— TASK REQUIREMENTS —
Print each line from the start of the records below up through the line where "cubic c2 c1 c0 x1 = 0" is found, exactly as given.

**** DATA EXTRACTS ****

Lemma adjoin_sqrt_subfield : is_subfield (adjoin_sqrt K c).
Proof.
split; last exact: adjoin_sqrt_inv.
- by move=> x /(subfield_rat Ksub); apply: adjoin_sqrtW.
- move=> x y [a [b [Ka [Kb ->]]]] [a' [b' [Ka' [Kb' ->]]]].
  by exists (a + a'), (b + b'); do 2?split; last ring; subfield_closed Ksub.
- move=> x [a [b [Ka [Kb ->]]]].
  by exists (- a), (- b); do 2?split; last ring; subfield_closed Ksub.
- move=> x y [a [b [Ka [Kb ->]]]] [a' [b' [Ka' [Kb' ->]]]].
  exists (a * a' + b * b' * c ^+ 2), (a * b' + a' * b).
  by do 2?split; last ring; subfield_closed Ksub.
Qed.

End AdjoinSqrt.

Definition cubic (c2 c1 c0 x : algC) : algC := x ^+ 3 + c2 * x ^+ 2 + c1 * x + c0.

Lemma cubic_third_root c2 c1 c0 x1 x2 : x1 != x2 ->
  cubic c2 c1 c0 x1 = 0 -> cubic c2 c1 c0 x2 = 0 -> cubic c2 c1 c0 (- c2 - x1 - x2) = 0.
Proof.
move=> x12 f1 f2; set Q := x1 ^+ 2 + x1 * x2 + x2 ^+ 2 + c2 * (x1 + x2) + c1.
have : (x2 - x1) * Q = cubic c2 c1 c0 x2 - cubic c2 c1 c0 x1 by rewrite /cubic /Q; ring.
rewrite f1 f2 subrr => /eqP; rewrite mulf_eq0 subr_eq0 eq_sym (negPf x12) => /eqP Q0.
have -> : cubic c2 c1 c0 (- c2 - x1 - x2) = cubic c2 c1 c0 x1 + (- c2 - x1 - x2 - x1) * Q.
  by rewrite /cubic /Q; ring.
by rewrite f1 Q0 mulr0 addr0.
Qed.

Section CubicDescent.

Variables (K : algC -> Prop) (c c2 c1 c0 : algC).
Hypotheses (Ksub : is_subfield K) (Kc2 : K (c ^+ 2)).
Hypotheses (K2 : K c2) (K1 : K c1) (K0 : K c0).

Lemma cubic_conj_root a b : ~ K c -> K a -> K b ->
  cubic c2 c1 c0 (a + b * c) = 0 -> cubic c2 c1 c0 (a - b * c) = 0.
Proof.
move=> Knc Ka Kb.
set P0 := a ^+ 3 + 3 * a * b ^+ 2 * c ^+ 2 + c2 * (a ^+ 2 + b ^+ 2 * c ^+ 2) + c1 * a + c0.
set P1 := 3 * a ^+ 2 * b + b ^+ 3 * c ^+ 2 + 2 * c2 * a * b + c1 * b.
have -> : cubic c2 c1 c0 (a + b * c) = P0 + P1 * c by rewrite /cubic /P0 /P1; ring.
have -> : cubic c2 c1 c0 (a - b * c) = P0 - P1 * c by rewrite /cubic /P0 /P1; ring.
have [P10 | P1n0] := eqVneq P1 0; first by rewrite P10 !mul0r addr0 subr0.
move=> /eqP; rewrite addr_eq0 => /eqP P0E; exfalso; apply: Knc.
have -> : c = - P0 / P1 by rewrite P0E opprK mulrC mulKf.
by rewrite /P0 /P1; subfield_closed Ksub.
Qed.

Lemma cubic_root_adjoin_sqrt x : adjoin_sqrt K c x -> cubic c2 c1 c0 x = 0 ->
  exists2 y, K y & cubic c2 c1 c0 y = 0.
Proof.
move=> Kcx fx; case: (classic (K c)) => [Kc | Knc].
  by exists x => //; apply: adjoin_sqrt_id Kc Kcx.
case: Kcx fx => a [b [Ka [Kb ->]]] fx.
have [b0 | bn0] := eqVneq b 0; first by exists a; rewrite // -fx b0 mul0r addr0.
have cn0 : c != 0 by apply: contra_not_neq Knc => ->; subfield_closed Ksub.
have fx' := cubic_conj_root Knc Ka Kb fx.
exists (- c2 - a *+ 2); first by rewrite mulr2n; subfield_closed Ksub.
have -> : - c2 - a *+ 2 = - c2 - (a + b * c) - (a - b * c) by ring.
apply: cubic_third_root fx fx'.
rewrite -subr_eq0 (_ : _ - _ = 2 * b * c); last by ring.
by rewrite !mulf_neq0 // pnatr_eq0.
Qed.

End CubicDescent.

****

— OUTPUT —
Lemma adjoin_sqrt_subfield : is_subfield (adjoin_sqrt K c).
Proof.
split; last exact: adjoin_sqrt_inv.
- by move=> x /(subfield_rat Ksub); apply: adjoin_sqrtW.
- move=> x y [a [b [Ka [Kb ->]]]] [a' [b' [Ka' [Kb' ->]]]].
  by exists (a + a'), (b + b'); do 2?split; last ring; subfield_closed Ksub.
- move=> x [a [b [Ka [Kb ->]]]].
  by exists (- a), (- b); do 2?split; last ring; subfield_closed Ksub.
- move=> x y [a [b [Ka [Kb ->]]]] [a' [b' [Ka' [Kb' ->]]]].
  exists (a * a' + b * b' * c ^+ 2), (a * b' + a' * b).
  by do 2?split; last ring; subfield_closed Ksub.
Qed.

End AdjoinSqrt.

Definition cubic (c2 c1 c0 x : algC) : algC := x ^+ 3 + c2 * x ^+ 2 + c1 * x + c0.

Lemma cubic_third_root c2 c1 c0 x1 x2 : x1 != x2 ->
  cubic c2 c1 c0 x1 = 0 -> cubic c2 c1 c0 x2 = 0 -> cubic c2 c1 c0 (- c2 - x1 - x2) = 0.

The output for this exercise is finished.